St Lawrence's Church is in Boroughgate, Appleby-in-Westmorland, Cumbria, England. It is an active Anglican parish church in the deanery of Appleby, the archdeaconry of Carlisle, and the diocese of Carlisle. Sunday worship is at 10.45am and on Fridays at 10am. The church is recorded in the National Heritage List for England as a designated Grade I listed building.

The ecclesiastical parish of Appleby St Lawrence covers the town of Appleby, together with a large surrounding area, including the civil parishes of Hoff, Colby, Crackenthorpe and Murton. It is one of ten parishes which form the Heart of Eden benefice.

==History==
The lower part of the tower dates from about 1150. The south porch is from the 13th century, and the body of the church dates from the 14th and 15th centuries. In 1655 Lady Anne Clifford restored the church, and rebuilt the north chapel and the chancel. Ceilings were added by Christopher Hodgson in 1830–31. There were further restorations in 1861–62, and in 1960.

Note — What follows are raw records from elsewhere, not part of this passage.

(* Let $\mathbf{G}_0=(\mathbf{L}_0,\mathbf{H}_0)$ be a non-trivial partial-monitoring game in which Learner has $N=2$ actions and Nature has $M$ actions ($M\ge1$ arbitrary). Then there is a $2\times M$ bandit game $\mathbf{G}'$ with $\mathbf{G}_0\le\mathbf{G}'$. Consequently the minimax regret of $\mathbf{G}_0$ is $\Theta(\sqrt{T})$, i.e. there are constants $0<c\le C$ (depending on $\mathbf{G}_0$ but not on $T$) with $c\sqrt{T}\le R_T^*(\mathbf{G}_0)\le C\sqrt{T}$ for all $T\ge1$.
   Context: A partial-monitoring game $\mathbf{G}=(\mathbf{L},\mathbf{H})$ is given by two real $N\times M$ matrices: the loss matrix $\mathbf{L}=(\ell_{ij})$ (entries in $[0,1]$ for the games under study; in intermediate constructions arbitrary real entries are allowed) and the feedback matrix $\mathbf{H}=(h_{ij})$. Write $\underline{n}=\{1,\dots,n\}$. Nature (an oblivious adversary) fixes an outcome sequence $J_1,J_2,\ldots\in\underline{M}$ in advance, hidden from Learner. At each time $t$, Learner chooses (possibly at random) an action $I_t\in\underline{N}$, as a function of his own internal randomization and the past feedbacks $h_{I_1,J_1},\dots,h_{I_{t-1},J_{t-1}}$; he then observes $h_{I_t,J_t}$ and suffers (without observing it) loss $\ell_{I_t,J_t}$. Such a rule is a strategy (algorithm) $\mathcal{A}$. The regret is $R_T(\mathcal{A},\mathbf{G})=\mathbb{E}\big[\sum_{t=1}^T\ell_{I_t,J_t}-\min_{i\in\underline{N}}\sum_{t=1}^T\ell_{i,J_t}\big]$, the minimax regret is $R_T^*(\mathbf{G})=\inf_{\mathcal{A}}\sup_{(J_1,\dots,J_T)\in\underline{M}^T}R_T(\mathcal{A},\mathbf{G})$. A game is trivial if either $R_T^*(\mathbf{G})=0$ for all $T$, or there is $c>0$ with $R_T^*(\mathbf{G})\ge cT$ for all $T$ (minimax regret is zero or grows linearly); otherwise non-trivial. A bandit game is a game with $\mathbf{H}=\mathbf{L}$. For two $N\times M$ games, $\mathbf{G}'\le\mathbf{G}$ (''$\mathbf{G}'$ is easier than $\mathbf{G}$'') means: for every algorithm $\mathcal{A}$ there is an algorithm $\mathcal{A}'$ such that, for every outcome sequence, $\mathcal{A}'$ played on $\mathbf{G}'$ chooses the same action sequence as $\mathcal{A}$ played on $\mathbf{G}$, and $R_T(\mathcal{A}',\mathbf{G}')\le R_T(\mathcal{A},\mathbf{G})$. *)

From Stdlib Require Import Reals List.
Import ListNotations.
Open Scope R_scope.

(* A matrix indexed by (action, outcome); only entries i < N, j < M matter. *)
Definition matrix := nat -> nat -> R.

Fixpoint fsum (n : nat) (f : nat -> R) : R :=
  match n with O => 0 | S n' => fsum n' f + f n' end.

Fixpoint minupto (f : nat -> R) (n : nat) : R :=
  match n with O => f O | S n' => Rmin (minupto f n') (f n) end.

(* A (randomized) strategy of Learner, in behavioral form: given the history
   of its own past actions and the feedbacks received, a probability
   distribution over the next action. *)
Definition strategy := list (nat * R) -> nat -> R.

Definition valid_strategy (N : nat) (A : strategy) : Prop :=
  forall hist, (forall i, (i < N)%nat -> 0 <= A hist i) /\ fsum N (A hist) = 1.

(* Outcome sequences J_1, J_2, ... (indexed from 0) with values in {0..M-1}. *)
Definition valid_outcomes (M : nat) (J : nat -> nat) : Prop :=
  forall t, (J t < M)%nat.

Fixpoint exp_loss (N : nat) (L H : matrix) (A : strategy) (J : nat -> nat)
    (hist : list (nat * R)) (t k : nat) : R :=
  match k with
  | O => 0
  | S k' => fsum N (fun i => A hist i *
             (L i (J t) + exp_loss N L H A J (hist ++ [(i, H i (J t))]) (S t) k'))
  end.

Fixpoint seqprob (H : matrix) (A : strategy) (J : nat -> nat)
    (hist : list (nat * R)) (t : nat) (a : list nat) : R :=
  match a with
  | [] => 1
  | i :: a' => A hist i * seqprob H A J (hist ++ [(i, H i (J t))]) (S t) a'
  end.

Definition regret (N : nat) (L H : matrix) (A : strategy) (J : nat -> nat) (T : nat) : R :=
  exp_loss N L H A J [] 0 T - minupto (fun i => fsum T (fun t => L i (J t))) (N - 1).

Definition is_sup (S : R -> Prop) (x : R) : Prop :=
  (forall y, S y -> y <= x) /\ (forall z, (forall y, S y -> y <= z) -> x <= z).
Definition is_inf (S : R -> Prop) (x : R) : Prop :=
  (forall y, S y -> x <= y) /\ (forall z, (forall y, S y -> z <= y) -> z <= x).

Definition minimax_regret (N M : nat) (L H : matrix) (T : nat) (r : R) : Prop :=
  is_inf (fun x => exists A, valid_strategy N A /\
            is_sup (fun y => exists J, valid_outcomes M J /\ y = regret N L H A J T) x) r.

Definition trivial_game (N M : nat) (L H : matrix) : Prop :=
  (forall T, minimax_regret N M L H T 0) \/
  (exists c, 0 < c /\ forall T r, minimax_regret N M L H T r -> c * INR T <= r).

(* easier N M L' H' L H  :  G' = (L',H') <= G = (L,H) *)
Definition easier (N M : nat) (L' H' L H : matrix) : Prop :=
  forall A, valid_strategy N A ->
  exists A', valid_strategy N A' /\
    forall J, valid_outcomes M J ->
      (forall a, Forall (fun i => (i < N)%nat) a ->
         seqprob H' A' J [] 0 a = seqprob H A J [] 0 a) /\
      (forall T, regret N L' H' A' J T <= regret N L H A J T).

(* Write d = L0 0 - L0 1 for the loss difference of the two actions.
   - If d has a constant sign, one action dominates and the minimax regret is 0.
   - Otherwise a strictly positive outcome distribution rho balances the two
     actions (E_rho d = 0).  By a finite-dimensional Fredholm alternative,
     either d is "locally observable", d j = phi0 (H0 0 j) - phi1 (H0 1 j), or
     some signed measure w is blind to every feedback function yet sees d.
   - In the blind case, rho +/- eps*w are two outcome distributions that
     Learner cannot tell apart but under which different actions are optimal;
     averaging the regret over i.i.d. outcomes gives linear regret.
   - In the observable case, translating feedback through phi0, phi1 turns any
     algorithm for the bandit game with losses phi_i (H0 i j) into one for G0
     with the same regret (the game is easier than a bandit game).  Exp3 on
     these reconstructed losses gives regret O(sqrt T), while averaging over
     i.i.d. rho-outcomes, the regret is half the expected |sum of d|, which a
     fourth-moment bound shows is Omega(sqrt T). *)

From Stdlib Require Import Reals List Lra Lia Psatz Classical.
Import ListNotations.
Open Scope R_scope.

Lemma fsum_ext n f g : (forall i, (i < n)%nat -> f i = g i) -> fsum n f = fsum n g.
Proof.
  induction n as [|n IH]; intros Hfg; simpl; auto.
  rewrite IH by (intros; apply Hfg; lia). rewrite Hfg by lia. reflexivity.
Qed.

Lemma fsum_plus n f g : fsum n (fun i => f i + g i) = fsum n f + fsum n g.
Proof. induction n; simpl; [lra|]. rewrite IHn. lra. Qed.

Lemma fsum_scal n c f : fsum n (fun i => c * f i) = c * fsum n f.
Proof. induction n; simpl; [lra|]. rewrite IHn. lra. Qed.

Lemma fsum_minus n f g : fsum n (fun i => f i - g i) = fsum n f - fsum n g.
Proof. induction n; simpl; [lra|]. rewrite IHn. lra. Qed.

Lemma fsum_zero n : fsum n (fun _ => 0) = 0.
Proof. induction n; simpl; lra. Qed.

Lemma fsum_const n c : fsum n (fun _ => c) = INR n * c.
Proof. induction n; simpl fsum; [simpl; lra|]. rewrite IHn, S_INR. lra. Qed.

Lemma fsum_le n f g : (forall i, (i < n)%nat -> f i <= g i) -> fsum n f <= fsum n g.
Proof.
  induction n as [|n IH]; intros Hfg; simpl; [lra|].
  pose proof (Hfg n ltac:(lia)). pose proof (IH ltac:(intros; apply Hfg; lia)). lra.
Qed.

Lemma fsum_nonneg n f : (forall i, (i < n)%nat -> 0 <= f i) -> 0 <= fsum n f.
Proof. intros Hf. rewrite <- (fsum_zero n). now apply fsum_le. Qed.

Lemma fsum_term_le n f j : (j < n)%nat -> (forall i, (i < n)%nat -> 0 <= f i) -> f j <= fsum n f.
Proof.
  induction n as [|n IH]; intros Hj Hf; [lia|]. simpl.
  pose proof (fsum_nonneg n f ltac:(intros; apply Hf; lia)).
  pose proof (Hf n ltac:(lia)).
  destruct (Nat.eq_dec j n) as [->|Hne]; [lra|].
  pose proof (IH ltac:(lia) ltac:(intros; apply Hf; lia)). lra.
Qed.

Lemma fsum_pos n f j : (j < n)%nat -> (forall i, (i < n)%nat -> 0 <= f i) -> 0 < f j -> 0 < fsum n f.
Proof. intros Hj Hf Hfj. pose proof (fsum_term_le n f j Hj Hf). lra. Qed.

Lemma fsum_swap n m f :
  fsum n (fun i => fsum m (fun j => f i j)) = fsum m (fun j => fsum n (fun i => f i j)).
Proof. induction n; simpl. - now rewrite fsum_zero. - rewrite IHn, <- fsum_plus. auto. Qed.

Lemma fsum_shift n f : fsum (S n) f = f 0%nat + fsum n (fun i => f (S i)).
Proof. induction n; simpl in *; [lra|]. rewrite IHn. lra. Qed.

Lemma fsum_window_S k t (f : nat -> R) :
  fsum (S k) (fun s => f (t + s)%nat) = f t + fsum k (fun s => f (S t + s)%nat).
Proof.
  rewrite fsum_shift, Nat.add_0_r. f_equal. apply fsum_ext; intros; f_equal; lia.
Qed.

Lemma fsum_split a b f : fsum (a + b) f = fsum a f + fsum b (fun k => f (a + k)%nat).
Proof.
  induction b; simpl.
  - rewrite Nat.add_0_r. lra.
  - rewrite Nat.add_succ_r. simpl. rewrite IHb. lra.
Qed.

Lemma fsum_two f : fsum 2 f = f 0%nat + f 1%nat.
Proof. simpl. lra. Qed.

Lemma fsum_indicator n j1 c : (j1 < n)%nat -> fsum n (fun j => if Nat.eqb j j1 then c else 0) = c.
Proof.
  induction n as [|n IH]; intros Hj; [lia|]. simpl.
  destruct (Nat.eqb_spec n j1) as [->|Hne].
  - rewrite (fsum_ext _ _ (fun _ => 0)), fsum_zero; [lra|].
    intros i Hi. destruct (Nat.eqb_spec i j1); [lia|auto].
  - rewrite IH by lia. lra.
Qed.

Lemma exp_loss_S N L H A J hist t k :
  exp_loss N L H A J hist t (S k) =
  fsum N (fun i => A hist i * (L i (J t) + exp_loss N L H A J (hist ++ [(i, H i (J t))]) (S t) k)).
Proof. reflexivity. Qed.

Lemma exp_loss_outcome_shift N M L L' g H A J :
  valid_strategy N A -> valid_outcomes M J ->
  (forall i j, (i < N)%nat -> (j < M)%nat -> L i j = L' i j + g j) ->
  forall k hist t, exp_loss N L H A J hist t k =
    exp_loss N L' H A J hist t k + fsum k (fun s => g (J (t + s)%nat)).
Proof.
  intros HA HJ HL k. induction k as [|k IH]; intros hist t; [simpl; lra|].
  rewrite !exp_loss_S, (fsum_window_S k t (fun x => g (J x))).
  set (c := g (J t) + fsum k (fun s => g (J (S t + s)%nat))).
  rewrite (fsum_ext N _ (fun i => A hist i * (L' i (J t) +
      exp_loss N L' H A J (hist ++ [(i, H i (J t))]) (S t) k) + c * A hist i)).
  2:{ intros i Hi. rewrite HL, IH by auto. unfold c. ring. }
  rewrite fsum_plus, fsum_scal. destruct (HA hist) as [_ ->]. unfold c. ring.
Qed.

Lemma exp_loss_scal N L H A J a :
  forall k hist t, exp_loss N (fun i j => a * L i j) H A J hist t k = a * exp_loss N L H A J hist t k.
Proof.
  induction k as [|k IH]; intros; simpl exp_loss; [lra|].
  rewrite <- fsum_scal. apply fsum_ext. intros. rewrite IH. ring.
Qed.

Lemma exp_loss_mono N M L L' H A J :
  valid_strategy N A -> valid_outcomes M J ->
  (forall i j, (i < N)%nat -> (j < M)%nat -> L i j <= L' i j) ->
  forall k hist t, exp_loss N L H A J hist t k <= exp_loss N L' H A J hist t k.
Proof.
  intros HA HJ HL. induction k as [|k IH]; intros; simpl exp_loss; [lra|].
  apply fsum_le. intros i Hi. destruct (HA hist) as [Hp _].
  apply Rmult_le_compat_l; [now apply Hp|].
  specialize (HL i (J t) Hi (HJ t)). specialize (IH (hist ++ [(i, H i (J t))]) (S t)). lra.
Qed.

Lemma exp_loss_local N L H A J1 J2 k : forall hist t,
  (forall s, (t <= s)%nat -> J1 s = J2 s) ->
  exp_loss N L H A J1 hist t k = exp_loss N L H A J2 hist t k.
Proof.
  induction k as [|k IH]; intros hist t HJ; simpl; auto. apply fsum_ext; intros.
  rewrite (HJ t), IH by (auto || intros; apply HJ; lia). reflexivity.
Qed.

Lemma exp_loss_zero N H A J : forall k hist t, exp_loss N (fun _ _ => 0) H A J hist t k = 0.
Proof.
  induction k as [|k IH]; intros; simpl; auto.
  rewrite (fsum_ext N _ (fun _ => 0)); [apply fsum_zero|]. intros. rewrite IH. ring.
Qed.

Definition cum_loss (L : matrix) (i T : nat) (J : nat -> nat) : R := fsum T (fun t => L i (J t)).

Lemma regret_two L H A J T :
  regret 2 L H A J T = exp_loss 2 L H A J [] 0 T - Rmin (cum_loss L 0 T J) (cum_loss L 1 T J).
Proof. reflexivity. Qed.

Lemma Rmin_plus a b c : Rmin (a + c) (b + c) = Rmin a b + c.
Proof. unfold Rmin. destruct (Rle_dec (a + c) (b + c)), (Rle_dec a b); lra. Qed.

Lemma regret_outcome_shift M L L' g H A J T :
  valid_strategy 2 A -> valid_outcomes M J ->
  (forall i j, (i < 2)%nat -> (j < M)%nat -> L i j = L' i j + g j) ->
  regret 2 L H A J T = regret 2 L' H A J T.
Proof.
  intros HA HJ HL. rewrite !regret_two.
  rewrite (exp_loss_outcome_shift 2 M L L' g H A J HA HJ HL T [] 0).
  assert (Hcum : forall i, (i < 2)%nat ->
    cum_loss L i T J = cum_loss L' i T J + fsum T (fun s => g (J (0 + s)%nat))).
  { intros i Hi. unfold cum_loss. rewrite <- fsum_plus. apply fsum_ext. intros. apply HL; auto. }
  rewrite (Hcum 0%nat), (Hcum 1%nat), Rmin_plus by lia. ring.
Qed.

(** * Averages over i.i.d. outcomes *)

Definition distribution (M : nat) (rho : nat -> R) : Prop :=
  (forall j, (j < M)%nat -> 0 <= rho j) /\ fsum M rho = 1.

Definition set_outcome (J : nat -> nat) (t j : nat) : nat -> nat :=
  fun s => if Nat.eqb s t then j else J s.

(* iid_avg M rho k t F J is the expectation of F J' where J' agrees with J
   except that the outcomes at times t, ..., t+k-1 are drawn i.i.d. from rho. *)
Fixpoint iid_avg (M : nat) (rho : nat -> R) (k t : nat) (F : (nat -> nat) -> R)
    (J : nat -> nat) : R :=
  match k with
  | O => F J
  | S k' => fsum M (fun j => rho j * iid_avg M rho k' (S t) F (set_outcome J t j))
  end.

Lemma set_outcome_at J t j : set_outcome J t j t = j.
Proof. unfold set_outcome. now rewrite Nat.eqb_refl. Qed.

Lemma set_outcome_ne J t j s : s <> t -> set_outcome J t j s = J s.
Proof. unfold set_outcome. intros. destruct (Nat.eqb_spec s t); auto; lia. Qed.

Lemma set_outcome_valid M J t j :
  valid_outcomes M J -> (j < M)%nat -> valid_outcomes M (set_outcome J t j).
Proof. intros HJ Hj s. unfold set_outcome. destruct (Nat.eqb s t); auto. Qed.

St Lawrence's Church suffered severe flooding in December 2015 from the overflowing River Eden.

==Architecture==
===Exterior===
The church is constructed in stone with lead roofs. Its plan consists of a nave with a clerestory, north and south aisles, a chancel, a northeast chapel, a southwest porch, and a west tower. The tower and the clerestory are castellated. The base of the tower is Norman, and the rest of the exterior is in Perpendicular style. In the tower is a clock dating from 1699.

===Interior===
The interior of the church is in Decorated style. The nave arcades are in five bays. The screens date from about 1500. The octagonal 19th-century font is in black Frosterley Marble. At the front of the church is a corporation pew. Three of the windows in the south aisle contain stained glass by Heaton, Butler and Bayne, and the rest is by William Wailes or by Wailes and Strang. The northeast chapel contains the monuments of Lady Anne Clifford, and her mother Lady Margaret Clifford who died in 1616. Lady Margaret's monument is free-standing in black marble with an alabaster effigy, and is attributed to Maximilian Colt, the King's Master Carver. Lady Anne's monument was created during her lifetime in about 1655–57 (she died in 1676). It is in black-and-white marble, with no effigy but a reredos with a family tree consisting of shields. Also in the church is a 14th-century female effigy. The two-manual pipe organ was built in 1661 by Robert Preston for Carlisle Cathedral. Together with its original case, it was given to St Lawrence's by the dean of the cathedral in 1683. It stands at the west end of the church under the tower arch. The case contains three turrets, each bearing an achievement of arms on its summit; beneath the cornice are the heads of three putti. There is a ring of six bells, all of which were cast in 1833 by Thomas Mears II of the Whitechapel Bell Foundry.